Entries taken from a collection
◆ ◆ ◆

(* Let $\mathcal{A}=\mathcal{R}*_K\mathcal{S}*_L\mathcal{T}\in\mathbb{C}^{I_1\times\cdots\times I_N\times J_1\times\cdots\times J_M}$, where $\mathcal{R}\in\mathbb{C}^{I_1\times\cdots\times I_N\times H_1\times\cdots\times H_K}$, $\mathcal{S}\in\mathbb{C}^{H_1\times\cdots\times H_K\times G_1\times\cdots\times G_L}$ and $\mathcal{T}\in\mathbb{C}^{G_1\times\cdots\times G_L\times J_1\times\cdots\times J_M}$. Then $$\mathcal{A}^{\dagger}=(\mathcal{R}*_K\mathcal{S}*_L\mathcal{T})^{\dagger}=(\mathcal{R}^{\dagger}*_N\mathcal{A})^{\dagger}*_K\mathcal{R}^{\dagger}*_N\mathcal{A}*_M\mathcal{T}^{\dagger}*_L(\mathcal{A}*_M\mathcal{T}^{\dagger})^{\dagger}=(\mathcal{R}^{\dagger}*_N\mathcal{A})^{\dagger}*_K\mathcal{S}*_L(\mathcal{A}*_M\mathcal{T}^{\dagger})^{\dagger}.$$
   Context: $\mathbb{C}^{I_1\times\cdots\times I_N}$ denotes the set of complex tensors of order $N$ and dimension $I_1\times\cdots\times I_N$. For $\mathcal{A}\in\mathbb{C}^{I_1\times\cdots\times I_N\times K_1\times\cdots\times K_N}$ and $\mathcal{B}\in\mathbb{C}^{K_1\times\cdots\times K_N\times J_1\times\cdots\times J_M}$, the Einstein product $\mathcal{A}*_N\mathcal{B}$ is defined by $(\mathcal{A}*_N\mathcal{B})_{i_1\dots i_N j_1\dots j_M}=\sum_{k_1,\dots,k_N}a_{i_1\dots i_N k_1\dots k_N}b_{k_1\dots k_N j_1\dots j_M}$; it is associative. $\mathcal{A}^H$ denotes the conjugate transpose (swap the two groups of indices and conjugate entries). For $\mathcal{A}\in\mathbb{C}^{I_1\times\cdots\times I_N\times J_1\times\cdots\times J_M}$ the Moore–Penrose inverse $\mathcal{A}^{\dagger}$ is the unique $\mathcal{X}\in\mathbb{C}^{J_1\times\cdots\times J_M\times I_1\times\cdots\times I_N}$ with $\mathcal{A}*_M\mathcal{X}*_N\mathcal{A}=\mathcal{A}$, $\mathcal{X}*_N\mathcal{A}*_M\mathcal{X}=\mathcal{X}$, $(\mathcal{A}*_M\mathcal{X})^H=\mathcal{A}*_M\mathcal{X}$, $(\mathcal{X}*_N\mathcal{A})^H=\mathcal{X}*_N\mathcal{A}$. *)

From HB Require Import structures.
From mathcomp Require Import all_boot all_order all_algebra.
From Stdlib Require Import ClassicalEpsilon.
Set Implicit Arguments. Unset Strict Implicit. Unset Printing Implicit Defensive.
Import Order.TTheory GRing.Theory Num.Theory.
Local Open Scope ring_scope.

(* Multi-indices for the dimension list d = [:: I_1; ...; I_N]:
   a multi-index is a function k |-> i_k with i_k < I_k. *)
Definition mindex (d : seq nat) : finType :=
  {dffun forall k : 'I_(size d), 'I_(nth 0%N d k)}.

Definition tensor (C : Type) (I J : seq nat) := mindex I -> mindex J -> C.

Section Tensors.
Variable C : numClosedFieldType.

Definition einstein (I K J : seq nat) (A : tensor C I K) (B : tensor C K J)
  : tensor C I J :=
  fun i j => \sum_(k : mindex K) A i k * B k j.

Definition ctrans (I J : seq nat) (A : tensor C I J) : tensor C J I :=
  fun j i => (A i j)^*.

Definition is_MP (I J : seq nat) (A : tensor C I J) (X : tensor C J I) : Prop :=
  [/\ einstein (einstein A X) A = A,
      einstein (einstein X A) X = X,
      ctrans (einstein A X) = einstein A X &
      ctrans (einstein X A) = einstein X A].

Definition pinv (I J : seq nat) (A : tensor C I J) : tensor C J I :=
  epsilon (inhabits (fun _ _ => 0)) (fun X => is_MP A X).

End Tensors.

(* The tensor [pinv] is the matrix Moore-Penrose inverse transported along
   the flattening of the two index groups; it exists by a full-rank
   factorization, and everything else is algebra with the associative
   Einstein product and the conjugate transpose.  Write [Rd = R^+] and
   [Td = T^+].  Since [A] factors both as [R (Rd A)] and as [(A Td) T], the
   candidate [X = (Rd A)^+ Rd A Td (A Td)^+] satisfies [A X = (A Td)(A Td)^+]
   and [X A = (Rd A)^+ (Rd A)]; both are Hermitian and the other two Penrose
   equations follow, so [X = A^+].  Finally [P^+ E = P^+] for every Hermitian
   [E] with [E P = P]; applied to [E = Rd R] (and symmetrically to
   [E = T Td]) this turns the middle factor [Rd A Td = Rd R S T Td] into
   [S]. *)

From Stdlib Require Import FunctionalExtensionality ClassicalEpsilon.
From mathcomp Require Import all_boot all_order all_algebra.
Set Implicit Arguments. Unset Strict Implicit. Unset Printing Implicit Defensive.
Import GRing.Theory.
Local Open Scope ring_scope.
Local Open Scope sesquilinear_scope.

Section MatrixMoorePenrose.
Variable C : numClosedFieldType.

Definition is_mxMP m n (A : 'M[C]_(m, n)) (X : 'M[C]_(n, m)) : Prop :=
  [/\ A *m X *m A = A, X *m A *m X = X,
      (A *m X)^t* = A *m X & (X *m A)^t* = X *m A].

Lemma trmxC_mul m n p (A : 'M[C]_(m, n)) (B : 'M[C]_(n, p)) :
  (A *m B)^t* = B^t* *m A^t*.
Proof. by rewrite trmx_mul map_mxM. Qed.

Lemma trmxC_inv n (A : 'M[C]_n) : (invmx A)^t* = invmx (A^t*).
Proof. by rewrite trmx_inv map_invmx. Qed.

Lemma mxrank_trmxC m n (A : 'M[C]_(m, n)) : \rank (A^t*) = \rank A.
Proof. by rewrite mxrank_map mxrank_tr. Qed.

Lemma gram_unitmx m n (M : 'M[C]_(m, n)) : row_free M -> M *m M^t* \in unitmx.
Proof.
move=> freeM; rewrite -row_free_unit; apply/inj_row_free => v.
rewrite mulmxA => vMM0.
have : dotmx (v *m M) (v *m M) == 0.
  by rewrite dotmxE trmxC_mul mulmxA vMM0 mul0mx mxE.
by rewrite dnorm_eq0 mulmx_free_eq0 // => /eqP.
Qed.

Lemma is_mxMP_full_rank_factor m r n (F : 'M[C]_(m, r)) (G : 'M[C]_(r, n)) :
  row_full F -> row_free G ->
  is_mxMP (F *m G)
    (G^t* *m invmx (G *m G^t*) *m invmx (F^t* *m F) *m F^t*).
Proof.
move=> fullF freeG.
have uF : F^t* *m F \in unitmx.
  have freeFt : row_free (F^t*) by rewrite /row_free mxrank_trmxC.
  by have := gram_unitmx freeFt; rewrite trmxCK.
have uG := gram_unitmx freeG.
set P := invmx (G *m G^t*); set Q := invmx (F^t* *m F).
have hermP : P^t* = P by rewrite trmxC_inv trmxC_mul trmxCK.
have hermQ : Q^t* = Q by rewrite trmxC_inv trmxC_mul trmxCK.
have GK k (Z : 'M_(k, r)) : Z *m G *m G^t* *m P = Z.
  by rewrite -(mulmxA Z) -mulmxA mulmxV ?mulmx1.
have FK k (Z : 'M_(k, r)) : Z *m Q *m F^t* *m F = Z.
  by rewrite -!mulmxA mulVmx ?mulmx1.
have AX : F *m G *m (G^t* *m P *m Q *m F^t*) = F *m Q *m F^t*.
  by rewrite !mulmxA GK.
have XA : G^t* *m P *m Q *m F^t* *m (F *m G) = G^t* *m P *m G.
  by rewrite !mulmxA FK.
rewrite /is_mxMP AX XA; split.
- by rewrite !mulmxA FK.
- by rewrite !mulmxA GK.
- by rewrite !trmxC_mul trmxCK hermQ mulmxA.
- by rewrite !trmxC_mul trmxCK hermP mulmxA.
Qed.

Lemma is_mxMP_exists m n (A : 'M[C]_(m, n)) : exists X, is_mxMP A X.
Proof.
have := is_mxMP_full_rank_factor (col_base_full A) (row_base_free A).
by rewrite mulmx_base; eexists; eassumption.
Qed.

End MatrixMoorePenrose.

Local Notation "a ** b" := (einstein a b) (at level 40, left associativity).

Section EinsteinProduct.
Variable C : numClosedFieldType.

Lemma einsteinA (I K L J : seq nat) (A : tensor C I K) (B : tensor C K L)
    (D : tensor C L J) :
  A ** B ** D = A ** (B ** D).
Proof.
apply: functional_extensionality => i; apply: functional_extensionality => j.
rewrite /einstein; under eq_bigr do rewrite big_distrl /=.
rewrite exchange_big /=; apply: eq_bigr => k _.
by rewrite big_distrr /=; apply: eq_bigr => l _; rewrite mulrA.
Qed.

Lemma ctrans_einstein (I K J : seq nat) (A : tensor C I K) (B : tensor C K J) :
  ctrans (A ** B) = ctrans B ** ctrans A.
Proof.
apply: functional_extensionality => j; apply: functional_extensionality => i.
rewrite /ctrans /einstein rmorph_sum; apply: eq_bigr => k _.
by rewrite rmorphM mulrC.
Qed.

Definition tensor_mx (I J : seq nat) (A : tensor C I J)
    : 'M[C]_(#|{: mindex I}|, #|{: mindex J}|) :=
  \matrix_(i, j) A (enum_val i) (enum_val j).

Definition mx_tensor (I J : seq nat)
    (M : 'M[C]_(#|{: mindex I}|, #|{: mindex J}|)) : tensor C I J :=
  fun i j => M (enum_rank i) (enum_rank j).

Lemma tensor_mxK (I J : seq nat) : cancel (@tensor_mx I J) (@mx_tensor I J).
Proof.
move=> A; apply: functional_extensionality => i.
apply: functional_extensionality => j.
by rewrite /mx_tensor /tensor_mx mxE !enum_rankK.
Qed.

Lemma mx_tensorK (I J : seq nat) : cancel (@mx_tensor I J) (@tensor_mx I J).
Proof.
by move=> M; apply/matrixP => i j; rewrite /tensor_mx /mx_tensor mxE !enum_valK.
Qed.

Lemma tensor_mx_einstein (I K J : seq nat) (A : tensor C I K)
    (B : tensor C K J) :
  tensor_mx (einstein A B) = tensor_mx A *m tensor_mx B.
Proof.
apply/matrixP => i j; rewrite /tensor_mx !mxE /einstein.
rewrite (reindex (@enum_val _ (mem {: mindex K}))) /=; last first.
  by exists enum_rank => k _; rewrite ?enum_valK ?enum_rankK.
by apply: eq_bigr => k _; rewrite !mxE.
Qed.

Lemma tensor_mx_ctrans (I J : seq nat) (A : tensor C I J) :
  tensor_mx (ctrans A) = (tensor_mx A)^t*.
Proof. by apply/matrixP => i j; rewrite /tensor_mx !mxE. Qed.

Lemma is_MP_exists (I J : seq nat) (A : tensor C I J) : exists X, is_MP A X.
Proof.
have [X [AXA XAX hermAX hermXA]] := is_mxMP_exists (tensor_mx A).
exists (mx_tensor X); split; apply: (can_inj (@tensor_mxK _ _));
  by rewrite ?tensor_mx_ctrans !tensor_mx_einstein ?tensor_mx_ctrans mx_tensorK.
Qed.

Lemma pinvP (I J : seq nat) (A : tensor C I J) : is_MP A (pinv A).
Proof. exact: epsilon_spec (is_MP_exists A). Qed.

End EinsteinProduct.

Section PenroseEquations.
Variable C : numClosedFieldType.

Section OneInverse.
Variables (I J : seq nat) (A : tensor C I J) (X : tensor C J I).
Hypothesis MP_AX : is_MP A X.

Lemma is_MP_mulKA (K : seq nat) (Z : tensor C J K) :
  A ** (X ** (A ** Z)) = A ** Z.
Proof. by case: MP_AX => AXA _ _ _; rewrite -!einsteinA AXA. Qed.

Lemma is_MP_mulKX (K : seq nat) (Z : tensor C I K) :
  X ** (A ** (X ** Z)) = X ** Z.
Proof. by case: MP_AX => _ XAX _ _; rewrite -!einsteinA XAX. Qed.

(* [X = X (A X)^* = X X^* A^* = X X^* A^* E = X E],
   as [A^* = (E A)^* = A^* E]. *)
Lemma is_MP_absorbl (E : tensor C I I) :
  ctrans E = E -> E ** A = A -> X ** E = X.
Proof.
case: MP_AX => _ XAX hermAX _ hermE EA.
have AtE : ctrans A ** E = ctrans A.
  by rewrite -[in RHS]EA ctrans_einstein hermE.
have XAX' : X ** (A ** X) = X by rewrite -einsteinA.
by rewrite -[in LHS]XAX' -hermAX ctrans_einstein !einsteinA AtE
  -ctrans_einstein hermAX XAX'.
Qed.

Lemma is_MP_absorbr (E : tensor C J J) :
  ctrans E = E -> A ** E = A -> E ** X = X.
Proof.
case: MP_AX => _ XAX _ hermXA hermE AE.
have EAt : E ** ctrans A = ctrans A.
  by rewrite -[in RHS]AE ctrans_einstein hermE.
by rewrite -[in LHS]XAX -hermXA ctrans_einstein !einsteinA -einsteinA EAt
  -einsteinA -ctrans_einstein hermXA XAX.
Qed.

End OneInverse.

Lemma is_MP_unique (I J : seq nat) (A : tensor C I J) (X Y : tensor C J I) :
  is_MP A X -> is_MP A Y -> X = Y.
Proof.
move=> MP_X MP_Y; have [AXA _ _ hermXA] := MP_X; have [AYA _ hermAY _] := MP_Y.
have XAY : X ** (A ** Y) = X by exact: (is_MP_absorbl MP_X hermAY AYA).
have XAY' : X ** A ** Y = Y.
  by apply: (is_MP_absorbr MP_Y hermXA); rewrite -einsteinA AXA.
by rewrite -{1}XAY -einsteinA XAY'.
Qed.

Lemma pinv_eq (I J : seq nat) (A : tensor C I J) (X : tensor C J I) :
  is_MP A X -> pinv A = X.
Proof. exact/is_MP_unique/pinvP. Qed.

Section ReverseOrder.
Variables (I H G J : seq nat) (A : tensor C I J).
Variables (R : tensor C I H) (Rd : tensor C H I).
Variables (T : tensor C G J) (Td : tensor C J G).
Hypotheses (RRdA : R ** (Rd ** A) = A) (ATdT : A ** Td ** T = A).

Lemma is_MP_reverse_order :
  is_MP A (pinv (Rd ** A) ** Rd ** A ** Td ** pinv (A ** Td)).
Proof.
set P := Rd ** A; set Q := A ** Td; set X := _ ** pinv Q.
have XE1 : X = pinv P ** (P ** (Td ** pinv Q)) by rewrite /X !einsteinA.
have XE2 : X = pinv P ** (Rd ** (Q ** pinv Q)) by rewrite /X !einsteinA.
have PE : Rd ** A = P by []; have QE : A ** Td = Q by [].
have RP : R ** P = A := RRdA; have QT : Q ** T = A := ATdT.
clearbody X P Q.
have [_ _ _ hermPdP] := pinvP P; have [QQdQ _ hermQQd _] := pinvP Q.
have AX : A ** X = Q ** pinv Q.
  by rewrite XE1 -{1}RP einsteinA (is_MP_mulKA (pinvP P)) -einsteinA RP
    -einsteinA QE.
have XA : X ** A = pinv P ** P.
  by rewrite XE2 -QT !einsteinA (is_MP_mulKA (pinvP Q)) QT PE.
split.
- by rewrite AX -[in LHS]QT -einsteinA QQdQ.
- by rewrite XA [in LHS]XE1 !einsteinA (is_MP_mulKX (pinvP P)) -XE1.
- by rewrite AX hermQQd.
- by rewrite XA hermPdP.
Qed.

End ReverseOrder.

End PenroseEquations.

Theorem theorem3p5 (C : numClosedFieldType) (I H G J : seq nat)
  (R : tensor C I H) (S : tensor C H G) (T : tensor C G J) :
  let A := einstein (einstein R S) T in
  pinv A =
    einstein (einstein (einstein (einstein
      (pinv (einstein (pinv R) A)) (pinv R)) A) (pinv T))
      (pinv (einstein A (pinv T)))
  /\
  pinv A =
    einstein (einstein (pinv (einstein (pinv R) A)) S)
      (pinv (einstein A (pinv T))).
Proof.
move=> A.
have [_ _ _ hermRdR] := pinvP R; have [TTdT TdTTd hermTTd _] := pinvP T.
have RRdA : R ** (pinv R ** A) = A.
  by rewrite /A !einsteinA (is_MP_mulKA (pinvP R)).
have ATdT : A ** pinv T ** T = A.
  by rewrite /A !einsteinA -(einsteinA T) TTdT.
rewrite (pinv_eq (is_MP_reverse_order RRdA ATdT)); split=> //.
have PdRdR : pinv (pinv R ** A) ** (pinv R ** R) = pinv (pinv R ** A).
  apply: (is_MP_absorbl (pinvP _) hermRdR).
  by rewrite einsteinA (is_MP_mulKX (pinvP R)).
have TTdQd : T ** pinv T ** pinv (A ** pinv T) = pinv (A ** pinv T).
  apply: (is_MP_absorbr (pinvP _) hermTTd).
  by rewrite einsteinA -(einsteinA (pinv T)) TdTTd.
(* [einsteinA] also reassociates inside the local definition [A]. *)
by rewrite -[in RHS]PdRdR -[in RHS]TTdQd !einsteinA.
Qed.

◆ ◆ ◆

**YOUR ASSIGNMENT**. From the entries above, give again exactly the lines running from the line with "have freeFt : row_free" to the line with "rewrite /einstein; under"; include both of those lines.

**YOUR RESPONSE**.
  have freeFt : row_free (F^t*) by rewrite /row_free mxrank_trmxC.
  by have := gram_unitmx freeFt; rewrite trmxCK.
have uG := gram_unitmx freeG.
set P := invmx (G *m G^t*); set Q := invmx (F^t* *m F).
have hermP : P^t* = P by rewrite trmxC_inv trmxC_mul trmxCK.
have hermQ : Q^t* = Q by rewrite trmxC_inv trmxC_mul trmxCK.
have GK k (Z : 'M_(k, r)) : Z *m G *m G^t* *m P = Z.
  by rewrite -(mulmxA Z) -mulmxA mulmxV ?mulmx1.
have FK k (Z : 'M_(k, r)) : Z *m Q *m F^t* *m F = Z.
  by rewrite -!mulmxA mulVmx ?mulmx1.
have AX : F *m G *m (G^t* *m P *m Q *m F^t*) = F *m Q *m F^t*.
  by rewrite !mulmxA GK.
have XA : G^t* *m P *m Q *m F^t* *m (F *m G) = G^t* *m P *m G.
  by rewrite !mulmxA FK.
rewrite /is_mxMP AX XA; split.
- by rewrite !mulmxA FK.
- by rewrite !mulmxA GK.
- by rewrite !trmxC_mul trmxCK hermQ mulmxA.
- by rewrite !trmxC_mul trmxCK hermP mulmxA.
Qed.

Lemma is_mxMP_exists m n (A : 'M[C]_(m, n)) : exists X, is_mxMP A X.
Proof.
have := is_mxMP_full_rank_factor (col_base_full A) (row_base_free A).
by rewrite mulmx_base; eexists; eassumption.
Qed.

End MatrixMoorePenrose.

Local Notation "a ** b" := (einstein a b) (at level 40, left associativity).

Section EinsteinProduct.
Variable C : numClosedFieldType.

Lemma einsteinA (I K L J : seq nat) (A : tensor C I K) (B : tensor C K L)
    (D : tensor C L J) :
  A ** B ** D = A ** (B ** D).
Proof.
apply: functional_extensionality => i; apply: functional_extensionality => j.
rewrite /einstein; under eq_bigr do rewrite big_distrl /=.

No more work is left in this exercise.